Em resumo, a concepção marxista apoia-se sobre a ideia fundamental de que a transformação da propriedade pessoal em propriedade capitalista e da propriedade capitalista em propriedade social tem por factor determinativo a superioridade produtivista do capitalismo sobre a pequena produção e do socialismo sobre a produção capitalista (8).
O conflito entre o regime de produção, o regime de propriedade e a luta das classes
Já vimos como a produção se transformou de uma série de actos individuais em uma série de actos sociais. Esta revolução operada quanto à produção não atingiu de modo algum a distribuição. O capitalista, tendo conjugado e combinado as acções dos operários para a produção das mercadorias, dispôs, ele só, da mercadoria acabada e lançou-a no mercado, recolhendo os benefícios. À reciprocidade de esforços na produção não correspondeu a reciprocidade dos benefícios na distribuição. Era o resultado da concentração dos meios de produção nas mãos do capitalista, enquanto que aos produtores não restava outra riqueza que a sua força de trabalho.
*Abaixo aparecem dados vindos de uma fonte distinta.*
(* injective maps tau : {1..i} -> C  <->  duplicate-free i-tuples with entries in C *)
Definition injTo (i : nat) (C : {set 'I_n}) : seq (i.-tuple 'I_n) :=
  filter (fun h : i.-tuple 'I_n => uniq h && all (fun x => x \in C) h)
    (enum {: i.-tuple 'I_n}).

Definition Multi (C : {set 'I_n}) (i : nat) : {vspace tensor i} :=
  <<[seq elem h | h <- injTo i C]>>%VS.

Definition contr (i : nat) (b : tensor i.+1) (v : V) : tensor i :=
  [ffun t : i.-tuple V => b [tuple of v :: t]].

Definition Cons1 (C : {set 'I_n}) (b : tensor 1) : Prop :=
  b \in <<[seq elem [tuple x] | x <- enum C]>>%VS.

Definition Cons2 (C : {set 'I_n}) (b : tensor 2) : Prop :=
  b \in Multi C 2 /\
  forall s1 s2 : V, b [tuple s1; s2] = b [tuple s2; s1].

Definition Cons3 (C : {set 'I_n}) (b : tensor 3) : Prop :=
  [/\ b \in Multi C 3,
      (forall j, j \in C -> Cons2 (C :\ j) (contr b (e j))) &
      forall j1 j2 j3 : 'I_n,
        b [tuple e j1; e j2; e j3] + b [tuple e j3; e j1; e j2]
          + b [tuple e j2; e j3; e j1] = 0].

Fixpoint Cons4 (k : nat) (C : {set 'I_n}) (b : tensor k.+4) : Prop :=
  let prev := match k return {set 'I_n} -> tensor k.+3 -> Prop with
              | 0 => Cons3
              | k'.+1 => @Cons4 k'
              end in
  [/\ b \in Multi C k.+4,
      (forall j, j \in C -> prev (C :\ j) (contr b (e j))) &
      forall j1 j2 : 'I_n, j1 \in C -> j2 \in C -> j1 != j2 ->
        contr (contr b (e j1)) (e j2) = contr (contr b (e j2)) (e j1)].

(* Cons(V_C, i), i >= 1 (for i = 0 it is not defined in the paper; we put False) *)
Definition Consistent (C : {set 'I_n}) (i : nat) : tensor i -> Prop :=
  match i return tensor i -> Prop with
  | 0 => fun _ => False
  | 1 => Cons1 C
  | 2 => Cons2 C
  | 3 => Cons3 C
  | k.+4 => @Cons4 k C
  end.

(* governing tensor phi_(A,x) in degree i = #A: sum over bijections
   tau : {1..i} -> A (duplicate-free i-tuples whose entry set is A) with
   x among the last two entries tau(i-1), tau(i).  For i = 1, drop 0 h = h,
   so the condition is tau(1) = x and phi_({x},x) = chi_x. *)
Definition phi (i : nat) (A : {set 'I_n}) (x : 'I_n) : tensor i :=
  \sum_(h : i.-tuple 'I_n | uniq h && ([set y in h] == A) && (x \in drop i.-2 h))
     elem h.

Definition Gov (C : {set 'I_n}) (i : nat) : {vspace tensor i} :=
  <<[seq phi i A x | A <- [seq A : {set 'I_n} <- enum (powerset C) | #|A| == i], x <- enum A]>>%VS.

End Tensors.

From HB Require Import structures.
From mathcomp Require Import all_boot all_order all_algebra.
From mathcomp Require Import ring.
Set Implicit Arguments. Unset Strict Implicit. Unset Printing Implicit Defensive.
Import GRing.Theory.
Local Open Scope ring_scope.
Lemma T_opE (qc : X -> A -> R) (V : X -> R) x :
  T_op r p pi eta qc V x =
  \sum_a qc x a * (Qfun r p eta V x a - ln (qc x a / pi x a)).
Proof.
by apply: eq_bigr => a _; rewrite soft_backupE addrAC.
Qed.

Definition greedy (V : X -> R) (x : X) : A -> R := gibbs (pi x) (Qfun r p eta V x).

Hypothesis hpi : is_policy pi.

Lemma greedy_policy V : is_policy (greedy V).
Proof. by move=> x; apply: gibbs_dist. Qed.

Lemma greedy_support V x a : 0 < greedy V x a -> 0 < pi x a.
Proof. exact: gibbs_support. Qed.

Lemma greedy_improvement (X0 : {set X}) (q0 : X -> A -> R) (V0 V1 : X -> R) y :
  is_policy q0 -> (forall x a, 0 < q0 x a -> 0 < pi x a) ->
  is_fixed_point X0 r p pi eta q0 V0 ->
  is_fixed_point X0 r p pi eta (greedy V0) V1 ->
  y \notin X0 ->
  V0 y - V1 y <=
    \sum_a greedy V0 y a * (lse (p y a) V0 - lse (p y a) V1).
Proof.
move=> hq0 hq0pi [_ fix0] [_ fix1] yX.
have V0_le : V0 y <= \sum_a greedy V0 y a *
    (Qfun r p eta V0 y a - ln (greedy V0 y a / pi y a)).
  rewrite gibbs_value // fix0 // T_opE.
  by apply: gibbs_le; [exact: hq0 | case: (hpi y) | exact: hq0pi].
have -> : \sum_a greedy V0 y a * (lse (p y a) V0 - lse (p y a) V1) =
    \sum_a greedy V0 y a * (Qfun r p eta V0 y a - ln (greedy V0 y a / pi y a))
  - \sum_a greedy V0 y a * (Qfun r p eta V1 y a - ln (greedy V0 y a / pi y a)).
  by rewrite -sumrB; apply: eq_bigr => a _; rewrite /Qfun /lse; ring.
rewrite [V1 y]fix1 // T_opE; lra.
Qed.

End SoftBellman.

Section MaximumPrinciple.
Variables (R : realType) (X A : finType) (X0 : {set X}).
Variables (p : X -> A -> X -> R) (mu : X -> A -> R).
Hypotheses (hp : is_kernel p) (hmu : is_policy mu).

Lemma survival_closed (S : X -> Prop) :
  (forall y, S y -> y \notin X0) ->
  (forall y a z, S y -> 0 < mu y a -> 0 < p y a z -> S z) ->
  forall n y, S y -> survival X0 p mu n y = 1.
Proof.
move=> SX0 Sclosed; elim=> [|n IH] y Sy /=; first by rewrite SX0.
rewrite SX0 // mul1r; case: (hmu y) => mu0 mu1; rewrite -[RHS]mu1.
apply: eq_bigr => a _; have [->|mua] := eqVneq (mu y a) 0; first by rewrite !mul0r.
have muap : 0 < mu y a by rewrite lt_neqAle eq_sym mua mu0.
case: (hp y a) => p0 p1; rewrite -[RHS]mulr1 -p1; congr (_ * _).
apply: eq_bigr => z _; have [->|pz] := eqVneq (p y a z) 0; first by rewrite mul0r.
by rewrite IH ?mulr1 //; apply: (Sclosed y a) => //; rewrite lt_neqAle eq_sym pz p0.
Qed.

Lemma terminates_no_closed (S : X -> Prop) :
  terminates X0 p ->
  (forall y, S y -> y \notin X0) ->
  (forall y a z, S y -> 0 < mu y a -> 0 < p y a z -> S z) ->
  forall y, ~ S y.
Proof.
move=> hterm SX0 Sclosed y Sy; have surv0 := hterm mu hmu y.
have surv1 : (fun n => survival X0 p mu n y) = (fun=> 1).
  by apply: funext => n; exact: (survival_closed SX0 Sclosed n Sy).
rewrite surv1 in surv0.
have zero_one : (0 : R) = 1 := cvg_unique (@Rhausdorff R) surv0 (cvg_cst (1 : R)).
by have := @oner_neq0 R; rewrite -zero_one eqxx.
Qed.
Este antagonismo entre produção social e apropriação capitalista transformou-se no antagonismo entre proletários e burgueses.
Em toda a indústria onde os novos métodos - a cooperação e a manufactura - foram introduzidos, eles não suportaram mais a seu lado nenhum dos antigos métodos de exploração. Por toda a parte os ofícios medievais foram destruídos e transformados. Assistiu-se a uma batalha impiedosa a que as antigas formas de produção sucumbiram sem mercê. Era - como diz Engels - a concorrência vital darwiniana transplantada da natureza para a sociedade com uma violência exasperada.
Porém, uma vez arredados definitivamente os antigos métodos, a luta prossegue entre os novos directores da produção. Cada industrial, para não cair na ruína, é forçado a aperfeiçoar constantemente os seus maquinismos que restringem cada vez mais os preços da mão-de-obra e que tornam possível o menor custo das mercadorias.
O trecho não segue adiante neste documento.